8. The method for detecting defects in tungsten carbide molds based on visual inspection as described in claim 7, characterized in that: The specific process for determining and optimizing the direction of improvement is as follows: The change in defect detection performance is obtained by comparing the re-inspection defect detection performance score with the defect detection performance score. If the change in defect detection performance exceeds the set value, then reflection component separation will continue based on the improved optimized reflection model. If the change in defect detection performance equals the set value, then reflection component separation continues based on the improved optimized reflection model, and the change in defect detection performance obtained in the next defect detection is monitored to see if it is greater than the set value. If the change in defect detection performance obtained in the next defect detection is greater than the set value, then reflection component separation continues based on the improved optimized reflection model; otherwise, the improvement of the optimized reflection model is stopped and an error is reported to the detection personnel's terminal. If the change in defect detection performance is less than the set value, then stop improving the optimized reflection model and report an error to the inspection personnel's terminal.
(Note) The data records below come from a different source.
(* Let $(\widetilde{\mathbf{x}}_\ell,y_\ell)$, $\ell=1,\dots,N$, be data with $\widetilde{\mathbf{x}}_\ell\in\mathbb{R}^d$, and let $y^N=(y_1,\dots,y_N)^\top$. Assume the Gram matrix $G$ is invertible. Write $G=U\Lambda U^\top$, where $U$ is orthogonal and $\Lambda=\mathrm{diag}(\widehat\mu_1,\dots,\widehat\mu_N)$. Let $D=\mathrm{diag}\big(\frac{\widehat\mu_1}{\widehat\mu_1+\lambda},\dots,\frac{\widehat\mu_N}{\widehat\mu_N+\lambda}\big)$. Then the $L^2$-boosting estimate after $m$ steps satisfies $$\|\widehat f^{(m)}\|_H^2=\frac1N(y^N)^\top U\big(I-(I-D)^m\big)^2\Lambda^{-1}U^\top y^N .$$
   Context: $H$ is an RKHS with positive definite kernel $K$; in the paper, $H=H_1\oplus\cdots\oplus H_d$ is the additive RKHS of Gaussian kernels on the coordinates. Gram matrix: $G_{ij}=K(\widetilde{\mathbf{x}}_i,\widetilde{\mathbf{x}}_j)/N$. Base learner: kernel ridge regression with fixed $\lambda>0$. Given $u\in\mathbb{R}^N$ it returns $\widehat g=\frac1{\sqrt N}\sum_\ell\beta_\ell K(\cdot,\widetilde{\mathbf{x}}_\ell)$ with $\beta=\frac1{\sqrt N}(G+\lambda I)^{-1}u$. Its fitted values are $Su$ with $S=G(G+\lambda I)^{-1}$. $L^2$-boosting: $\widehat f^{(0)}=0$ and $\widehat f^{(m+1)}=\widehat f^{(m)}+$(base learner fit to the residuals $y_\ell-\widehat f^{(m)}(\widetilde{\mathbf{x}}_\ell)$). The fitted values after $m$ steps are $(I-(I-S)^m)y^N$. *)

From HB Require Import structures.
From mathcomp Require Import all_boot all_order all_algebra.
From mathcomp Require Import reals.
Set Implicit Arguments. Unset Strict Implicit. Unset Printing Implicit Defensive.
Import Order.TTheory GRing.Theory Num.Theory.
Local Open Scope ring_scope.

Section RKHS.
Variables (R : realType) (X : Type).

(* An RKHS H of real functions on X with kernel K:
   - H is a real vector space with an inner product ip (bilinear, symmetric,
     positive definite);
   - ev f : X -> R is the function represented by f (injective: elements of H are functions);
   - kx y  is the kernel section K(., y) in H;
   - reproducing property: f(x) = <f, K(., x)>_H. *)
Record is_rkhs (H : lmodType R) (ip : H -> H -> R) (ev : H -> X -> R)
    (K : X -> X -> R) (kx : X -> H) : Prop := {
  rkhs_ip_linl : forall (a : R) (f g h : H), ip (a *: f + g) h = a * ip f h + ip g h;
  rkhs_ip_sym  : forall f g : H, ip f g = ip g f;
  rkhs_ip_ge0  : forall f : H, 0 <= ip f f;
  rkhs_ip_eq0  : forall f : H, ip f f = 0 -> f = 0;
  rkhs_ev_inj  : forall f g : H, ev f =1 ev g -> f = g;
  rkhs_section : forall x y : X, ev (kx y) x = K x y;
  rkhs_reprod  : forall (f : H) (x : X), ev f x = ip f (kx x)
}.

Definition rkhs_norm2 (H : lmodType R) (ip : H -> H -> R) (f : H) : R := ip f f.

Variable (N : nat) (K : X -> X -> R) (xs : 'I_N -> X).

Definition gram : 'M[R]_N := \matrix_(i, j) (K (xs i) (xs j) / N%:R).

Variables (H : lmodType R) (ev : H -> X -> R) (kx : X -> H) (lam : R).

Definition krr_coef (u : 'cV[R]_N) : 'cV[R]_N :=
  (Num.sqrt (N%:R : R))^-1 *: (invmx (gram + lam%:M) *m u).

Definition krr (u : 'cV[R]_N) : H :=
  (Num.sqrt (N%:R : R))^-1 *: \sum_(l < N) (krr_coef u l 0) *: kx (xs l).

Fixpoint boost (y : 'cV[R]_N) (m : nat) : H :=
  match m with
  | 0 => 0
  | m'.+1 => boost y m' + krr (\col_l (y l 0 - ev (boost y m') (xs l)))
  end.

End RKHS.

From HB Require Import structures.
From mathcomp Require Import all_boot all_order all_algebra.
From mathcomp Require Import reals ring.
Set Implicit Arguments. Unset Strict Implicit. Unset Printing Implicit Defensive.
Import Order.TTheory GRing.Theory Num.Theory.
Local Open Scope ring_scope.

(* Write f = (1/N) sum_l a_l K(., x_l).  Its values at the data
   points are G a and its squared norm is a^T G a / N.  The base learner fits the
   coefficients (G + lam I)^-1 u, so each boosting step multiplies the residual
   by I - S, where S = G (G + lam I)^-1.  Hence the coefficients after m steps are
   G^-1 P y with P = I - (I - S)^m, and the squared norm is y^T P^T G^-1 P y / N.
   Conjugating by U turns S into D, G^-1 into Lambda^-1 and P into the diagonal
   matrix I - (I - D)^m.  Since G is positive semidefinite and lam > 0, every
   mu_i + lam is nonzero. *)

Section OrthogonalConjugation.
Variables (R : comUnitRingType) (n : nat) (U : 'M[R]_n).
Hypothesis UtU : U^T *m U = 1%:M.

Definition orth_conj (A : 'M[R]_n) : 'M[R]_n := U *m A *m U^T.

Lemma orth_conjM A B : orth_conj (A *m B) = orth_conj A *m orth_conj B.
Proof. by rewrite /orth_conj !mulmxA -(mulmxA _ U^T U) UtU mulmx1. Qed.

Lemma orth_conj_scalar a : orth_conj a%:M = a%:M.
Proof. by rewrite /orth_conj mul_mx_scalar -scalemxAl mulmx1C // scalemx1. Qed.

Lemma orth_conjD A B : orth_conj (A + B) = orth_conj A + orth_conj B.
Proof. by rewrite /orth_conj mulmxDr mulmxDl. Qed.

Lemma orth_conjB A B : orth_conj (A - B) = orth_conj A - orth_conj B.
Proof. by rewrite /orth_conj mulmxBr mulmxBl. Qed.

Lemma orth_conjX A k : orth_conj (A ^+ k) = orth_conj A ^+ k.
Proof.
elim: k => [|k IHk]; first by rewrite !expr0 -idmxE orth_conj_scalar.
by rewrite !exprS -!mulmxE orth_conjM IHk.
Qed.

Lemma trmx_orth_conj A : (orth_conj A)^T = orth_conj A^T.
Proof. by rewrite /orth_conj !trmx_mul trmxK mulmxA. Qed.

Lemma orth_conj_quad A (v : 'cV[R]_n) :
  (U *m v)^T *m orth_conj A *m (U *m v) = v^T *m A *m v.
Proof. by rewrite /orth_conj trmx_mul !mulmxA -!(mulmxA _ U^T U) UtU !mulmx1. Qed.

Lemma unitmx_orth_conj A : (orth_conj A \in unitmx) = (A \in unitmx).
Proof.
have [U_unit Ut_unit] := mulmx1_unit UtU.
by rewrite !unitmx_mul U_unit Ut_unit andbT.
Qed.

Lemma invmx_orth_conj A : A \in unitmx -> invmx (orth_conj A) = orth_conj (invmx A).
Proof.
move=> A_unit; have C_unit : orth_conj A \in unitmx by rewrite unitmx_orth_conj.
by rewrite -[RHS](mulKmx C_unit) -orth_conjM mulmxV // orth_conj_scalar mulmx1.
Qed.

End OrthogonalConjugation.

Section DiagonalMatrices.
Variables (F : fieldType) (n : nat).
Implicit Types d : 'rV[F]_n.

Lemma diag_mxX d k : diag_mx d ^+ k = diag_mx (map_mx (fun x => x ^+ k) d).
Proof.
elim: k => [|k IHk].
  by rewrite expr0 -idmxE -diag_const_mx; congr diag_mx; apply/rowP => i; rewrite !mxE.
by rewrite exprS IHk -mulmxE mulmx_diag; congr diag_mx; apply/rowP => i; rewrite !mxE exprS.
Qed.

Lemma unitmx_diagP d : reflect (forall i, d 0 i != 0) (diag_mx d \in unitmx).
Proof.
rewrite unitmxE det_diag unitfE.
by apply: (iffP (prodf_neq0 _ _)) => d_neq0 i *; apply: d_neq0.
Qed.

Lemma invmx_diag d : (forall i, d 0 i != 0) -> invmx (diag_mx d) = diag_mx (map_mx GRing.inv d).
Proof.
move=> /unitmx_diagP d_unit; rewrite -[LHS]mulmx1.
have <- : diag_mx d *m diag_mx (map_mx GRing.inv d) = 1%:M.
  rewrite mulmx_diag -diag_const_mx; congr diag_mx; apply/rowP => i.
  by rewrite !mxE mulfV //; apply/unitmx_diagP.
by rewrite mulKmx.
Qed.

End DiagonalMatrices.

Section KernelExpansion.
Variables (R : realType) (X : Type) (H : lmodType R) (ip : H -> H -> R)
  (ev : H -> X -> R) (K : X -> X -> R) (kx : X -> H).
Hypothesis rkhsH : is_rkhs ip ev K kx.

Lemma ip0l h : ip 0 h = 0.
Proof.
have := rkhs_ip_linl rkhsH 1 0 0 h; rewrite scale1r addr0 mul1r.
by rewrite -{1}[ip 0 h]addr0 => /addrI <-.
Qed.

Lemma ipDl f g h : ip (f + g) h = ip f h + ip g h.
Proof. by have := rkhs_ip_linl rkhsH 1 f g h; rewrite scale1r mul1r. Qed.

Lemma ipZl a f h : ip (a *: f) h = a * ip f h.
Proof. by have := rkhs_ip_linl rkhsH a f 0 h; rewrite addr0 ip0l addr0. Qed.

Lemma ip_suml I (r : seq I) (P : pred I) (F : I -> H) h :
  ip (\sum_(i <- r | P i) F i) h = \sum_(i <- r | P i) ip (F i) h.
Proof. exact: (big_morph (ip^~ h) (fun f g => ipDl f g h) (ip0l h)). Qed.

Variables (N : nat) (xs : 'I_N -> X).
Local Notation G := (gram K xs).

Lemma trmx_gram : G^T = G.
Proof.
apply/matrixP => i j; rewrite !mxE -!(rkhs_section rkhsH) !(rkhs_reprod rkhsH).
by rewrite (rkhs_ip_sym rkhsH).
Qed.

Definition kexp (a : 'cV[R]_N) : H := N%:R^-1 *: \sum_l a l 0 *: kx (xs l).

Lemma kexp0 : kexp 0 = 0.
Proof. by rewrite /kexp big1 ?scaler0 // => l _; rewrite mxE scale0r. Qed.

Lemma kexpD a b : kexp (a + b) = kexp a + kexp b.
Proof.
rewrite /kexp -scalerDr -big_split; congr (_ *: _).
by apply: eq_bigr => l _; rewrite mxE scalerDl.
Qed.

Lemma ev_kexp a i : ev (kexp a) (xs i) = (G *m a) i 0.
Proof.
rewrite (rkhs_reprod rkhsH) ipZl ip_suml mxE big_distrr /=.
apply: eq_bigr => l _; rewrite ipZl -(rkhs_reprod rkhsH) (rkhs_section rkhsH).
by rewrite !mxE; ring.
Qed.

Lemma rkhs_norm2_kexp a : rkhs_norm2 ip (kexp a) = N%:R^-1 * (a^T *m G *m a) 0 0.
Proof.
rewrite /rkhs_norm2 {1}/kexp ipZl ip_suml -mulmxA mxE; congr (_ * _).
apply: eq_bigr => l _.
by rewrite ipZl (rkhs_ip_sym rkhsH) -(rkhs_reprod rkhsH) ev_kexp !mxE.
Qed.

Lemma gram_psd (a : 'cV[R]_N) : 0 <= (a^T *m G *m a) 0 0.
Proof.
have [N0 | N_gt0] := posnP N.
  by rewrite mxE big1 // => j; move: (ltn_ord j); rewrite [X in (_ < X)%N]N0.
have := rkhs_ip_ge0 rkhsH (kexp a).
by rewrite -/(rkhs_norm2 ip _) rkhs_norm2_kexp pmulr_rge0 // invr_gt0 ltr0n.
Qed.

Lemma gram_eigenvalue_ge0 U mu i : U^T *m U = 1%:M -> G = orth_conj U (diag_mx mu) ->
  0 <= mu 0 i.
Proof.
move=> UtU GE; have := gram_psd (U *m delta_mx i ord0).
by rewrite GE orth_conj_quad // trmx_delta -rowE -colE !mxE eqxx mulr1n.
Qed.

Lemma krrE lam u : krr K xs kx lam u = kexp (invmx (G + lam%:M) *m u).
Proof.
rewrite /krr /kexp /krr_coef.
have -> : N%:R^-1 = (Num.sqrt (N%:R : R))^-1 * (Num.sqrt (N%:R : R))^-1.
  by rewrite -invfM -expr2 sqr_sqrtr // ler0n.
rewrite -scalerA; congr (_ *: _); rewrite scaler_sumr; apply: eq_bigr => l _.
by rewrite scalerA mxE.
Qed.

Lemma residual_kexp (y : 'cV[R]_N) a : \col_l (y l 0 - ev (kexp a) (xs l)) = y - G *m a.
Proof. by apply/matrixP => i j; rewrite ord1 !mxE ev_kexp mxE. Qed.

Variables (lam : R) (y : 'cV[R]_N).

Definition smoother : 'M[R]_N := G *m invmx (G + lam%:M).

Lemma smoother_orth_conj U mu : 0 < lam -> U^T *m U = 1%:M ->
  G = orth_conj U (diag_mx mu) ->
  smoother = orth_conj U (diag_mx (\row_i (mu 0 i / (mu 0 i + lam)))).
Proof.
move=> lam_gt0 UtU GE.
have mulam_neq0 i : (mu + const_mx lam) 0 i != 0.
  by rewrite !mxE gt_eqF // ltr_wpDl // (gram_eigenvalue_ge0 i UtU GE).
rewrite /smoother GE -[lam%:M](orth_conj_scalar UtU) -orth_conjD -diag_const_mx -raddfD.
rewrite invmx_orth_conj //; last exact/unitmx_diagP.
rewrite -orth_conjM // invmx_diag // mulmx_diag; congr (orth_conj U (diag_mx _)).
by apply/rowP => i; rewrite !mxE.
Qed.

Lemma boostE m : G \in unitmx ->
  boost K xs ev kx lam y m = kexp (invmx G *m (1%:M - (1%:M - smoother) ^+ m) *m y).
Proof.
move=> G_unit; elim: m => [|m IHm] /=; first by rewrite expr0 subrr mulmx0 mul0mx kexp0.
rewrite IHm krrE residual_kexp -kexpD; congr kexp.
set Q := (1%:M - smoother) ^+ m.
have -> : 1%:M - (1%:M - smoother) ^+ m.+1 = 1%:M - Q + smoother *m Q.
  by rewrite exprS -mulmxE mulmxBl mul1mx opprB addrCA addrC.
rewrite [G *m _]mulmxA !mulmxA mulmxV // mul1mx mulmxBl mul1mx subKr.
by rewrite [in RHS]mulmxDr [in RHS]mulmxDl /smoother !mulmxA mulVmx // mul1mx.
Qed.

Lemma rkhs_norm2_boost m : G \in unitmx ->
  let P := 1%:M - (1%:M - smoother) ^+ m in
  rkhs_norm2 ip (boost K xs ev kx lam y m) = N%:R^-1 * (y^T *m (P^T *m invmx G *m P) *m y) 0 0.
Proof.
move=> G_unit P; rewrite boostE // rkhs_norm2_kexp; congr (_ * _).
by rewrite !trmx_mul trmx_inv trmx_gram !mulmxA mulmxKV.
Qed.

End KernelExpansion.

Theorem lemma3 (R : realType) (d N : nat)
    (H : lmodType R) (ip : H -> H -> R) (ev : H -> 'rV[R]_d -> R)
    (K : 'rV[R]_d -> 'rV[R]_d -> R) (kx : 'rV[R]_d -> H)
    (xs : 'I_N -> 'rV[R]_d) (y : 'cV[R]_N) (lam : R)
    (U : 'M[R]_N) (mu : 'rV[R]_N) (m : nat) :
  is_rkhs ip ev K kx ->
  0 < lam ->
  gram K xs \in unitmx ->
  U^T *m U = 1%:M ->
  gram K xs = U *m diag_mx mu *m U^T ->
  let D := diag_mx (\row_i (mu 0 i / (mu 0 i + lam))) in
  rkhs_norm2 ip (boost K xs ev kx lam y m) =
    (N%:R)^-1 *
    (y^T *m U *m (1%:M - (1%:M - D) ^+ m) ^+ 2 *m invmx (diag_mx mu) *m U^T *m y) 0 0.
Proof.
move=> rkhsH lam_gt0 G_unit UtU GE D.
set G := gram K xs in G_unit GE *; change (G = orth_conj U (diag_mx mu)) in GE.
have mu_unit : diag_mx mu \in unitmx by rewrite -(unitmx_orth_conj UtU) -GE.
rewrite rkhs_norm2_boost // (smoother_orth_conj rkhsH lam_gt0 UtU GE) -/D.
set Q := 1%:M - (1%:M - D) ^+ m.
have -> : 1%:M - (1%:M - orth_conj U D) ^+ m = orth_conj U Q.
  by rewrite orth_conjB orth_conjX // orth_conjB orth_conj_scalar.
have [q ->] : exists q, Q = diag_mx q.
  by rewrite /Q -diag_const_mx -raddfB diag_mxX -raddfB; eexists.
rewrite trmx_orth_conj tr_diag_mx -/G GE invmx_orth_conj // -!orth_conjM //.
rewrite invmx_diag; last exact/unitmx_diagP.
by rewrite -(mulmxA (diag_mx q)) (diag_mxC _ q) /orth_conj expr2 -mulmxE !mulmxA.
Qed.
(* Let $p\neq 2$ be a prime and $G=Z_{p^{\lambda_1}}\times\cdots\times Z_{p^{\lambda_n}}$ with $0<\lambda_1<\cdots<\lambda_n$. The poset $J(G)$ is self-dual; an order-reversing involution of $J(G)$ is given by $J(i,j)\mapsto J(i,\lambda_i-j+1)$.
   Context: Tuples are ordered componentwise; for $\mathbf 0\le\mathbf a\le(\lambda_1,\dots,\lambda_n)$, $T(\mathbf a)$ is the set of $(g_1,\dots,g_n)\in G$ with $|g_i|=p^{a_i}$, and $R(\mathbf a)=\bigcup_{\mathbf b\le\mathbf a}T(\mathbf b)$. For $i\in\{1,\dots,n\}$ and $j\in\{1,\dots,\lambda_i\}$, $J(i,j)=R(\mathbf a)$ where $a_k=j$ for $k\ge i$ and $a_k=\max\{0,\,j-(\lambda_i-\lambda_k)\}$ for $k<i$. $J(G)$ is the set of all $J(i,j)$ (these are exactly the join-irreducible elements of the lattice of characteristic subgroups of $G$), partially ordered by inclusion. *)

From mathcomp Require Import all_boot all_order all_algebra all_fingroup.
Set Implicit Arguments. Unset Strict Implicit. Unset Printing Implicit Defensive.

(* Indices are 0-based: paper's index i in {1..n} is i : 'I_n here.
   lam i = lambda_{i+1}. *)

Definition Gtype (p n : nat) (lam : 'I_n -> nat) : finType :=
  {dffun forall i : 'I_n, 'Z_(p ^ lam i)}.

(* R(a) = union over 0 <= b <= a of T(b), T(b) = {g | |g_k| = p^(b_k)}. *)
Definition Rset (p n : nat) (lam : 'I_n -> nat) (a : 'I_n -> nat)
  : {set Gtype p lam} :=
  [set g : Gtype p lam |
     [forall k : 'I_n, [exists b : 'I_(a k).+1, #[g k]%g == p ^ b]]].

Definition Jexp (n : nat) (lam : 'I_n -> nat) (i : 'I_n) (j : nat)
  : 'I_n -> nat :=
  fun k => if (i <= k)%N then j else maxn 0 (j - (lam i - lam k)).

Definition Jset (p n : nat) (lam : 'I_n -> nat) (i : 'I_n) (j : nat)
  : {set Gtype p lam} := Rset p lam (Jexp lam i j).

Definition JG (p n : nat) (lam : 'I_n -> nat) : {set {set Gtype p lam}} :=
  [set X | [exists i : 'I_n, [exists j : 'I_(lam i).+1,
             (0 < j)%N && (X == Jset p lam i j)]]].

From mathcomp Require Import all_boot all_order all_algebra all_fingroup.
From mathcomp Require Import all_solvable zify.

Set Implicit Arguments.
Unset Strict Implicit.
Unset Printing Implicit Defensive.

(* R(a) is an order embedding of the exponent tuples a <= lam: an element of
   order p^(a k) concentrated in coordinate k separates R(a) from R(a') as
   soon as a k > a' k.  The exponent tuple of J(i,j) is
   k |-> min(j, lam_k - (lam_i - j)), so J(i,j) is determined by the pair
   (j, lam_i - j) and J(i,j) <= J(i',j') iff j <= j' and
   lam_i' - j' <= lam_i - j.  The map j |-> lam_i - j + 1 sends this pair to
   (lam_i - j + 1, j - 1), i.e. swaps its entries up to a shift by one,
   which reverses the order. *)

Lemma order_Zp1X (p l m : nat) : (1 < p)%N -> (0 < l)%N -> (m <= l)%N ->
  #[((Zp1 : 'Z_(p ^ l)) ^+ (p ^ (l - m)))%g]%g = p ^ m.
Proof.
move=> p_gt1 l_gt0 m_le_l.
have pl_gt1 : (1 < p ^ l)%N by rewrite -(expn0 p) ltn_exp2l.
rewrite orderXdiv order_Zp1 Zp_cast //; last by rewrite dvdn_exp2l ?leq_subr.
by rewrite -{1}(subnKC m_le_l) expnD mulnK // expn_gt0 ltnW.
Qed.

Section ExponentTuples.

Variables (p n : nat) (lam : 'I_n -> nat).
(* Positivity matters: 'Z_(p ^ 0) is 'Z_2, not the trivial group. *)
Hypotheses (p_gt1 : (1 < p)%N) (lam_gt0 : forall k, (0 < lam k)%N).

Lemma Rset_subset (a a' : 'I_n -> nat) : (forall k, a k <= lam k)%N ->
  (Rset p lam a \subset Rset p lam a') = [forall k, a k <= a' k]%N.
Proof.
move=> a_le_lam; apply/subsetP/forallP => [sub k0 | a_le g].
  pose x k : 'Z_(p ^ lam k) := ((Zp1 : 'Z_(p ^ lam k)) ^+ (p ^ (lam k - a k0)))%g.
  pose g : Gtype p lam := [ffun k => if k == k0 then x k else 0%R].
  have /sub : g \in Rset p lam a.
    rewrite inE; apply/forallP => k; apply/existsP; rewrite ffunE.
    case: eqP => [->|_]; first by exists ord_max; rewrite order_Zp1X.
    by exists ord0; rewrite expn0 order1.
  rewrite inE => /forallP /(_ k0) /existsP [b].
  rewrite ffunE eqxx order_Zp1X // eqn_exp2l // => /eqP ->.
  by rewrite -ltnS ltn_ord.
rewrite !inE => /forallP g_in; apply/forallP => k.
have /existsP [b ord_gk] := g_in k; apply/existsP.
have b_lt : (b < (a' k).+1)%N by rewrite ltnS (leq_trans _ (a_le k)) // -ltnS.
by exists (Ordinal b_lt).
Qed.

End ExponentTuples.

Section JoinIrreducibles.

Variables (p n : nat) (lam : 'I_n -> nat).
Hypotheses (p_gt1 : (1 < p)%N) (lam_gt0 : forall k, (0 < lam k)%N).
Hypothesis lam_mono : forall i k : 'I_n, (i < k)%N -> (lam i < lam k)%N.

Lemma lam_le (i k : 'I_n) : (i <= k)%N -> (lam i <= lam k)%N.
Proof. by rewrite leq_eqVlt => /predU1P [/val_inj -> // | /lam_mono/ltnW]. Qed.

Lemma lam_inj : injective lam.
Proof.
move=> i k eq_lam; case: (ltngtP i k) => [/lam_mono | /lam_mono | /val_inj //];
  by rewrite eq_lam ltnn.
Qed.

Lemma Jexp_minn (i k : 'I_n) (j : nat) : (j <= lam i)%N ->
  Jexp lam i j k = minn j (lam k - (lam i - j)).
Proof.
move=> j_le; rewrite /Jexp; case: leqP => [/lam_le | /ltnW /lam_le]; lia.
Qed.

Lemma Jset_subset (i i' : 'I_n) (j j' : nat) :
  (1 <= j <= lam i)%N -> (j' <= lam i')%N ->
  (Jset p lam i j \subset Jset p lam i' j') =
  (j <= j') && (lam i' - j' <= lam i - j)%N.
Proof.
move=> /andP [j_gt0 j_le] j'_le.
have Jexp_le_lam k : (Jexp lam i j k <= lam k)%N by rewrite Jexp_minn //; lia.
rewrite /Jset Rset_subset //; apply/forallP/andP => [/(_ i) | [le_j le_co] k];
  rewrite !Jexp_minn //; lia.
Qed.

Lemma Jset_inj (i i' : 'I_n) (j j' : nat) :
  (1 <= j <= lam i)%N -> (1 <= j' <= lam i')%N ->
  Jset p lam i j = Jset p lam i' j' -> i = i' /\ j = j'.
Proof.
move=> j_range j'_range eqJ.
have /andP [j_gt0 j_le] := j_range; have /andP [j'_gt0 j'_le] := j'_range.
have : Jset p lam i j \subset Jset p lam i' j' by rewrite eqJ.
have : Jset p lam i' j' \subset Jset p lam i j by rewrite eqJ.
rewrite !Jset_subset // => /andP [ge_j ge_co] /andP [le_j le_co].
have eq_j : j = j' by lia.
by split=> //; apply: lam_inj; lia.
Qed.

Lemma JGP (X : {set Gtype p lam}) :
  reflect (exists i j, (1 <= j <= lam i)%N /\ X = Jset p lam i j)
          (X \in JG p lam).
Proof.
apply: (iffP idP) => [|[i [j [/andP [j_gt0 j_le] ->]]]].
  rewrite inE => /existsP [i /existsP [j /andP [j_gt0 /eqP ->]]].
  by exists i, j; rewrite j_gt0 -ltnS ltn_ord.
rewrite inE; apply/existsP; exists i; apply/existsP.
by exists (Ordinal (j_le : (j < (lam i).+1)%N)); rewrite /= j_gt0 eqxx.
Qed.

(* Outside J(G) the map is the identity; only its values on J(G) matter. *)
Definition Jdual (X : {set Gtype p lam}) : {set Gtype p lam} :=
  if [pick ij : {i : 'I_n & 'I_(lam i).+1} |
        (0 < tagged ij)%N && (X == Jset p lam (tag ij) (tagged ij))]
  is Some ij then Jset p lam (tag ij) (lam (tag ij) - tagged ij + 1) else X.

Lemma Jdual_Jset (i : 'I_n) (j : nat) : (1 <= j <= lam i)%N ->
  Jdual (Jset p lam i j) = Jset p lam i (lam i - j + 1).
Proof.
move=> j_range; rewrite /Jdual.
case: pickP => [[i' j'] /= /andP [j'_gt0 /eqP eqJ]|].
  have j'_range : (1 <= j' <= lam i')%N by rewrite j'_gt0 -ltnS ltn_ord.
  by have [eq_i ->] := Jset_inj j'_range j_range (esym eqJ); rewrite eq_i.
have /andP [j_gt0 j_le] := j_range.
move=> /(_ (Tagged _ (Ordinal (j_le : (j < (lam i).+1)%N)))) /=.
by rewrite j_gt0 eqxx.
Qed.

End JoinIrreducibles.

(* The hypothesis p != 2 is only needed in the paper to identify J(G) with the
   join-irreducible characteristic subgroups; the poset of the sets J(i,j)
   is self-dual for every prime p. *)
Theorem mainTheorem17 (p n : nat) (lam : 'I_n -> nat) :
  prime p -> p != 2 ->
  (forall i : 'I_n, (0 < lam i)%N) ->
  (forall i k : 'I_n, (i < k)%N -> (lam i < lam k)%N) ->
  exists f : {set Gtype p lam} -> {set Gtype p lam},
    [/\ (forall (i : 'I_n) (j : nat), (1 <= j <= lam i)%N ->
           f (Jset p lam i j) = Jset p lam i (lam i - j + 1)),
        (forall X, X \in JG p lam -> f X \in JG p lam),
        (forall X, X \in JG p lam -> f (f X) = X) &
        (forall X Y, X \in JG p lam -> Y \in JG p lam ->
           X \subset Y -> f Y \subset f X)].
Proof.
move=> /prime_gt1 p_gt1 _ lam_gt0 lam_mono.
have JdualE := Jdual_Jset p_gt1 lam_gt0 lam_mono.
exists (@Jdual p n lam); split=> //.
- move=> _ /JGP [i [j [j_range ->]]]; rewrite JdualE //.
  by apply/JGP; exists i, (lam i - j + 1); split=> //; lia.
- move=> _ /JGP [i [j [j_range ->]]].
  by rewrite !JdualE; [congr Jset | lia..]; lia.
- move=> _ _ /JGP [i [j [j_range ->]]] /JGP [i' [j' [j'_range ->]]].
  rewrite !JdualE // !Jset_subset //; lia.
Qed.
9. A visual inspection-based tungsten carbide mold defect detection system, employing the visual inspection-based tungsten carbide mold defect detection method as described in any one of claims 1-8, characterized in that, include: Thermal compensation correction module, defect detection and analysis module, optimized reflection model improvement module, and tungsten steel property correction and analysis module; The thermal compensation correction module is used to acquire mold surface images of the batch of tungsten steel molds to be inspected based on an industrial camera, and input them into a specified reflection model for illumination processing. At the same time, thermal compensation correction is performed on the specified reflection model to obtain a corresponding optimized reflection model, so as to reduce the brightness reference drift of the defect detection model at different temperature stages. The defect detection and analysis module is used to separate the reflection components of the mold surface image according to the optimized reflection model, and then perform image preprocessing to obtain a standardized reflection image, which is then input into the defect detection model for defect detection and analysis and outputs the defect detection results. The optimized reflection model improvement module is used to determine whether to re-inspect the batch of tungsten steel molds to be inspected based on the defect detection results and to obtain the corresponding defect detection feedback results. The defect detection performance analysis is then used to determine whether to improve the optimized reflection model, thereby improving the accuracy of the optimized reflection model in handling brightness reference drift. The tungsten steel characteristic correction and analysis module is used to perform tungsten steel characteristic correction analysis to correct the influence of tungsten steel surface characteristics on light reflection if the optimized reflection model is improved, and to determine the fluctuation of the defect detection feedback results after the optimization reflection model is improved to determine whether to continue to improve the optimized reflection model; otherwise, it continues to separate the reflection components based on the optimized reflection model.